Thursday, May 31, 2007

Charest is not that smart (and neither am I)

This is a reprint of an article I wrote May 26 and posted in the wrong spot. I was wondering why it wasn't coming up when I was searching for it ...


So now I'm diving back into the world of political commentary on my blog. And I'm diving back into my blog. It's been a while since I've written in it, and I keep telling myself that I'll write more extensively in it. Let's see if I can keep it going this time.

On to the topic ...

Quebec Premier Jean Charest is now in a political pickle of his own making. The budget his government presented in the Quebec National Assembly this week is perhaps the boldest move he has made since becoming leader of the province. The only thing is that boldness was probably best suited to his first term. If he had been bold then, people wouldn't have reason to doubt his motives today.

Opposition Leader Mario Dumont has declared that short of excising the $950 million tax cut that is the centrepiece of the Charest budget, the Liberals should not count on the support of his party, the ADQ. And the Parti Quebecois, still reeling from the worst electoral defeat in its history, has declared the budget incompatible with its core beliefs.

Saddled with a crippled leader and financially tapped out a scant month ago, the PQ appeared to be a soft touch that would be forced to prop up the government in the short term. At least that's what the Liberals believed. But as the Toronto Star's Chantal Hebert mentioned in her May 26 column, the government made its budget decisions when Andre Boisclair was still leader of the PQ. They didn't account for Boisclair's resignation and the rise of Pauline Marois, who is now the PQ leader in all but name.

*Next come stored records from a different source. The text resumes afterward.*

Let ell_nv y : U y -> \sum_(a < n) ell a y * nv a y + n2 y * ell2 y = 1.
Proof. by move=> /relations [_ [_ [_ [_ [rel _]]]]]. Qed.

Let P_ell a : \sum_(b < n) P a b x * ell b x + ell2 x * nv a x = 0.
Proof. by case: (relations Ux) => _ [_ [_ [_ [_ [rel _]]]]]. Qed.

Let P_gam a b : \sum_(c < n) P a c x * gam c b x + ell b x * nv a x = (a == b)%:R.
Proof. by case: (relations Ux) => _ [_ [_ [_ [_ [_ rel]]]]]. Qed.

Lemma Uten_sym a b : Ut a b x = Ut b a x.
Proof.
have pd_gam_sym c : pd (gam a b) c x = pd (gam b a) c x.
  by apply: (pd_eq_on_open oU Ux) => y /gam_sym.
rewrite /Uten /lie_sym2; congr (2^-1 * _ + _); last by ring.
apply: eq_bigr => c _.
by rewrite pd_gam_sym !(gam_sym Ux c) (gam_sym Ux a c) (gam_sym Ux b c); ring.
Qed.

Lemma ell_cov_nv a :
  \sum_(b < n) ell b x * cov_vec Gam nv a b x
  = (s a x - n2 x * pd ell2 a x)
    + (\sum_(b < n) Ut a b x * nv b x - pd n2 a x) * ell2 x.
Proof.
have [_ dell dell2 dnv dn2] := derivable_data a.
have [_ [_ cov_ell]] := nabla Ux.
have := cov_leibniz_locally_cst Gam oU Ux dell dnv dn2 dell2 ell_nv.
under eq_bigr do rewrite cov_ell.
move=> /eqP; rewrite addrAC addrC addr_eq0 => /eqP ->.
have contr_nv : \sum_(b < n) nv b x * (F a b x - ell2 x * Ut a b x)
    = \sum_(b < n) F a b x * nv b x - ell2 x * \sum_(b < n) Ut a b x * nv b x.
  by rewrite big_distrr -sumrB; apply: eq_bigr => b _ /=; ring.
by rewrite contr_nv sformE; ring.
Qed.

Lemma gam_cov_nv a c :
  \sum_(b < n) gam c b x * cov_vec Gam nv a b x
  = (Ut a c x - n2 x * F a c x)
    + (\sum_(b < n) Ut a b x * nv b x - pd n2 a x) * ell c x.
Proof.
have [dgam dell _ dnv dn2] := derivable_data a.
have [_ [cov_gam cov_ell]] := nabla Ux.
have cov_gam_row b : cov_form Gam (gam c) a b x
    = - ell b x * Ut a c x - ell c x * Ut a b x + \sum_(d < n) Gam d a c x * gam d b x.
  by rewrite -cov_gam /cov_sym2 /cov_form; ring.
have pd_ell : pd (ell c) a x
    = F a c x - ell2 x * Ut a c x + \sum_(d < n) Gam d a c x * ell d x.
  by rewrite -cov_ell /cov_form; ring.
have ell_nv_x : \sum_(b < n) ell b x * nv b x = 1 - n2 x * ell2 x.
  by rewrite -(ell_nv Ux) addrK.
have christoffel_gam_nv : \sum_(b < n) nv b x * \sum_(d < n) Gam d a c x * gam d b x
    = - (n2 x * \sum_(d < n) Gam d a c x * ell d x).
  under eq_bigr do rewrite big_distrr /=.
  rewrite exchange_big -mulNr big_distrr /=; apply: eq_bigr => d _.
  move/eqP: (gam_nv Ux d); rewrite addr_eq0 => /eqP gam_nv_d.
  transitivity (Gam d a c x * \sum_(b < n) gam d b x * nv b x); last by rewrite gam_nv_d; ring.
  by rewrite big_distrr; apply: eq_bigr => b _ /=; ring.
have contr_nv : \sum_(b < n) nv b x * cov_form Gam (gam c) a b x
    = - (1 - n2 x * ell2 x) * Ut a c x - ell c x * \sum_(b < n) Ut a b x * nv b x
      - n2 x * \sum_(d < n) Gam d a c x * ell d x.
  under eq_bigr do rewrite cov_gam_row.
  rewrite (eq_bigr (fun b => - Ut a c x * (ell b x * nv b x)
      - ell c x * (Ut a b x * nv b x)
      + nv b x * \sum_(d < n) Gam d a c x * gam d b x)); last by move=> b _; ring.
  by rewrite big_split sumrB /= -!big_distrr /= christoffel_gam_nv ell_nv_x; ring.
have := cov_leibniz_locally_cst Gam oU Ux (dgam c) dnv dn2 (dell c) (fun y Uy => gam_nv Uy c).
move=> /eqP; rewrite addrAC addrC addr_eq0 => /eqP ->.
by rewrite contr_nv pd_ell; ring.
Qed.

Lemma cov_nv a c :
  cov_vec Gam nv a c x
  = \sum_(d < n) P c d x * (Ut a d x - n2 x * F a d x)
    + (s a x - n2 x * pd ell2 a x) * nv c x.
Proof. exact: (duality_solve P_ell P_gam (gam_cov_nv a) (ell_cov_nv a)). Qed.

Lemma pd_n2 a :
  pd n2 a x = 2 * \sum_(b < n) Ut a b x * nv b x + 2 * n2 x * s a x
              - n2 x ^+ 2 * pd ell2 a x.
Proof.
have := duality_multiplier (gam_sym Ux) (gam_nv Ux) (ell_nv Ux) (gam_cov_nv a) (ell_cov_nv a).
have -> : \sum_(c < n) nv c x * (Ut a c x - n2 x * F a c x)
          = \sum_(b < n) Ut a b x * nv b x + n2 x * s a x.
  by rewrite sformE mulrN big_distrr -sumrN -big_split; apply: eq_bigr => b _ /=; ring.
by move=> mu_eq; rewrite -(subKr (\sum_(b < n) Ut a b x * nv b x) (pd n2 a x)) mu_eq; ring.
Qed.

Lemma nv_Uten c :
  \sum_(a < n) nv a x * Ut a c x
  = 2^-1 * pd n2 c x + 2^-1 * n2 x ^+ 2 * pd ell2 c x - n2 x * s c x.
Proof.
have -> : \sum_(a < n) nv a x * Ut a c x = \sum_(b < n) Ut c b x * nv b x.
  by apply: eq_bigr => b _; rewrite Uten_sym mulrC.
by rewrite pd_n2; field.
Qed.

Lemma contr_cov_nv (th : 'I_n -> 'rV[R]_n -> R) a :
  \sum_(b < n) th b x * cov_vec Gam nv a b x
  = contr th nv x * (s a x - n2 x * pd ell2 a x)
    + \sum_(b < n) \sum_(c < n) P b c x * (Ut a c x - n2 x * F a c x) * th b x.
Proof.
under eq_bigr do rewrite cov_nv mulrDr big_distrr /=.
rewrite big_split /= addrC /contr big_distrl /=; congr (_ + _).
  by apply: eq_bigr => b _; ring.
by apply: eq_bigr => b _; apply: eq_bigr => c _; ring.
Qed.

Variable th : 'I_n -> 'rV[R]_n -> R.
Hypothesis diff_th : forall a, diff_on U (th a).

Local Notation thn := (contr th nv).
Local Notation PU a := (\sum_(b < n) \sum_(c < n) P b c x * Ut a c x * th b x).
Local Notation PF a := (\sum_(b < n) \sum_(c < n) P b c x * F a c x * th b x).

Let pd_thn a :
  pd thn a x = \sum_(b < n) nv b x * cov_form Gam th a b x
               + \sum_(b < n) th b x * cov_vec Gam nv a b x.
Proof.
have [_ _ _ dnv _] := derivable_data a.
by apply: pd_contr_cov dnv => b; apply: diff_on_derivable Ux.
Qed.

Lemma nv_cov_form a :
  \sum_(b < n) nv b x * cov_form Gam th a b x
  = pd thn a x - thn x * s a x - PU a + n2 x * (thn x * pd ell2 a x + PF a).
Proof. by rewrite pd_thn contr_cov_nv double_sumB; ring. Qed.

Lemma nv_cov_form_swap a :
  \sum_(b < n) nv b x * cov_form Gam th b a x
  = lie_form nv th a x - thn x * s a x - PU a + n2 x * (thn x * pd ell2 a x + PF a).
Proof.
have [Gam_sym _] := nabla Ux.
rewrite (lie_form_cov (Gam := Gam)); last by move=> c b; apply: Gam_sym.
by rewrite contr_cov_nv double_sumB; ring.
Qed.

Lemma nv_nv_cov_form :
  \sum_(a < n) \sum_(b < n) nv a x * nv b x * cov_form Gam th a b x
  = lie_fun nv thn x + n2 x * thn x * lie_fun nv ell2 x
    + \sum_(b < n) \sum_(c < n) P b c x * th b x *
        (2 * n2 x * s c x - 2^-1 * n2 x ^+ 2 * pd ell2 c x - 2^-1 * pd n2 c x).
Proof.
have nv_Uten_F c : \sum_(a < n) nv a x * (Ut a c x - n2 x * F a c x)
    = - (2 * n2 x * s c x - 2^-1 * n2 x ^+ 2 * pd ell2 c x - 2^-1 * pd n2 c x).
  have -> : \sum_(a < n) nv a x * (Ut a c x - n2 x * F a c x)
            = \sum_(a < n) nv a x * Ut a c x - n2 x * s c x.
    by rewrite /sform big_distrr -sumrB; apply: eq_bigr => a _ /=; ring.
  by rewrite nv_Uten; ring.
have contr_pd_thn : \sum_(a < n) \sum_(b < n) nv a x * nv b x * cov_form Gam th a b x
    = \sum_(a < n) nv a x * (pd thn a x - \sum_(b < n) th b x * cov_vec Gam nv a b x).
  apply: eq_bigr => a _; rewrite pd_thn addrK big_distrr.
  by apply: eq_bigr => b _ /=; ring.
rewrite contr_pd_thn.
under eq_bigr do rewrite contr_cov_nv.
rewrite (eq_bigr (fun a => nv a x * pd thn a x - thn x * (nv a x * s a x)
    + n2 x * thn x * (nv a x * pd ell2 a x)
    - nv a x * \sum_(b < n) \sum_(c < n) P b c x * (Ut a c x - n2 x * F a c x) * th b x));
  last by move=> a _; ring.
rewrite !(sumrB, big_split) /= -!big_distrr /= contr_nv_sform sum_mul_double_sum.
have -> : \sum_(b < n) \sum_(c < n)
      P b c x * (\sum_(a < n) nv a x * (Ut a c x - n2 x * F a c x)) * th b x
    = - \sum_(b < n) \sum_(c < n) P b c x * th b x *
        (2 * n2 x * s c x - 2^-1 * n2 x ^+ 2 * pd ell2 c x - 2^-1 * pd n2 c x).
  rewrite -sumrN; apply: eq_bigr => b _; rewrite -sumrN; apply: eq_bigr => c _.
  by rewrite nv_Uten_F; ring.
by rewrite /lie_fun; ring.
Qed.
End MetricHypersurfaceData.

Theorem lemmaC1 (R : realType) (n : nat) (U : set 'rV[R]_n)
  (gam : 'I_n -> 'I_n -> 'rV[R]_n -> R) (ell : 'I_n -> 'rV[R]_n -> R)
  (ell2 : 'rV[R]_n -> R) (P : 'I_n -> 'I_n -> 'rV[R]_n -> R)
  (nv : 'I_n -> 'rV[R]_n -> R) (n2 : 'rV[R]_n -> R)
  (Gam : 'I_n -> 'I_n -> 'I_n -> 'rV[R]_n -> R) (th : 'I_n -> 'rV[R]_n -> R) :
  metric_hypersurface_data U gam ell ell2 P nv n2 ->
  is_ring_nabla U gam ell ell2 nv n2 Gam ->
  (forall a, diff_on U (th a)) ->
  forall x, U x ->
  let Ut := Uten nv n2 gam ell in
  let F := Ften ell in
  let s := sform nv ell in
  let thn := contr th nv in
  let PU a := \sum_(b < n) \sum_(c < n) P b c x * Ut a c x * th b x in
  let PF a := \sum_(b < n) \sum_(c < n) P b c x * F a c x * th b x in
  (forall a,
     \sum_(b < n) nv b x * cov_form Gam th a b x
     = cov_fun thn a x - thn x * s a x - PU a
       + n2 x * (thn x * cov_fun ell2 a x + PF a)) /\
  (forall a,
     \sum_(b < n) nv b x * cov_form Gam th b a x
     = lie_form nv th a x - thn x * s a x - PU a
       + n2 x * (thn x * cov_fun ell2 a x + PF a)) /\
  (forall a,
     \sum_(b < n) nv b x * (cov_form Gam th a b x + cov_form Gam th b a x)
     = lie_form nv th a x + cov_fun thn a x - 2 * (thn x * s a x + PU a)
       + 2 * n2 x * (thn x * cov_fun ell2 a x + PF a)) /\
  (\sum_(a < n) \sum_(b < n) nv a x * nv b x * cov_form Gam th a b x
   = lie_fun nv thn x + n2 x * thn x * lie_fun nv ell2 x
     + \sum_(b < n) \sum_(c < n) P b c x * th b x *
         (2 * n2 x * s c x - 2^-1 * n2 x ^+ 2 * cov_fun ell2 c x
          - 2^-1 * cov_fun n2 c x)).
Proof.
move=> data nabla diff_th x Ux; cbv zeta.
have id1 := nv_cov_form data nabla Ux diff_th.
have id2 := nv_cov_form_swap data nabla Ux th.
split; first exact: id1.
split; first exact: id2.
split; last by rewrite (nv_nv_cov_form data nabla Ux diff_th).
move=> a; under eq_bigr do rewrite mulrDr.
by rewrite big_split /= id1 id2 /cov_fun; ring.
Qed.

Marois is fresh from administering a swift ass-kicking to current Bloc Quebecois leader Gilles Duceppe, who thought he could rally enough support to win the PQ leadership. After he beat a hasty, embarrassing retreat to Ottawa, Marois consolidated her hold on the party and, barring some unforeseen circumstance, will be sworn in officially as the leader by the end of June at the latest. Her party is riding a popular wave, leading all polls taken since the March election, and Marios is also personally popular.

In contrast, Charest is in the exact inverse situation. His party trails both opposition parties in the post-election polls, he is as personally unpopular as he has ever been, and people across the country are angry that he used increased equalization payments from the federal government, demanded for years as essential to maintain the province's social safety net, to promise a massive tax cut funded by taxpayers in the rest of the country.

His political brinksmanship in the National Assembly can only end badly for the Liberals. As has been pointed out by numerous analysts, he must either present supplementary changes to the budget to please the PQ or the ADQ, thereby losing face and appearing weak, or push the budget through to a vote as it is written, thereby risking an election he will be hard-pressed to win.

Quebeckers aren't stupid. They know Opposition resistance to the tax cut is not an attack on the middle class (as Charest is trying to spin it) but rather a stand based on what the province can afford in the here and now. There is still room for modest tax cuts in the budget coupled with debt relief and moderate reinvestment in social priorities. Charest, who probably recognized his tax-cutting budget would be dead on arrival given his minority status, could have chosen compromise. Generally speaking, that's what voters want when they refuse a majority to a governing party in the first place.

But in choosing the path of greatest resistance, Charest cannot blame Dumont and/or the PQ for his plight. He chose this strategy willingly. When it comes to the budget, it is the government and the government alone who frames the debate and sets the agenda.If an election is avoided over the budget, Charest will be forever crippled and his leadership of his party and the government will be placed on life support. If the government is defeated, a new election is all but certain (given the ADQ's probable inability to secure the confidence of the House to govern). And the only outcome of a summer election I can see at this point is a massive Liberal defeat, consolidation of ADQ support, and a government led by Marois, who would quickly be sworn in as PQ party leader in the event of a Charest non-confidence vote, or Dumont, whose party didn't even have official status in the National Assembly four months ago.

Charest's political career is in its death throes. His demise is Dumont's gain. Marois may finally grasp the brass ring. And the Liberal Party, decimated, relegated to third-party status in much of francophone Quebec as well as in the National Assembly, may be the next provincial party in Quebec's history to die an ignoble death, following the path blazed by the Conservative Party, the Union Nationale and the Creditistes.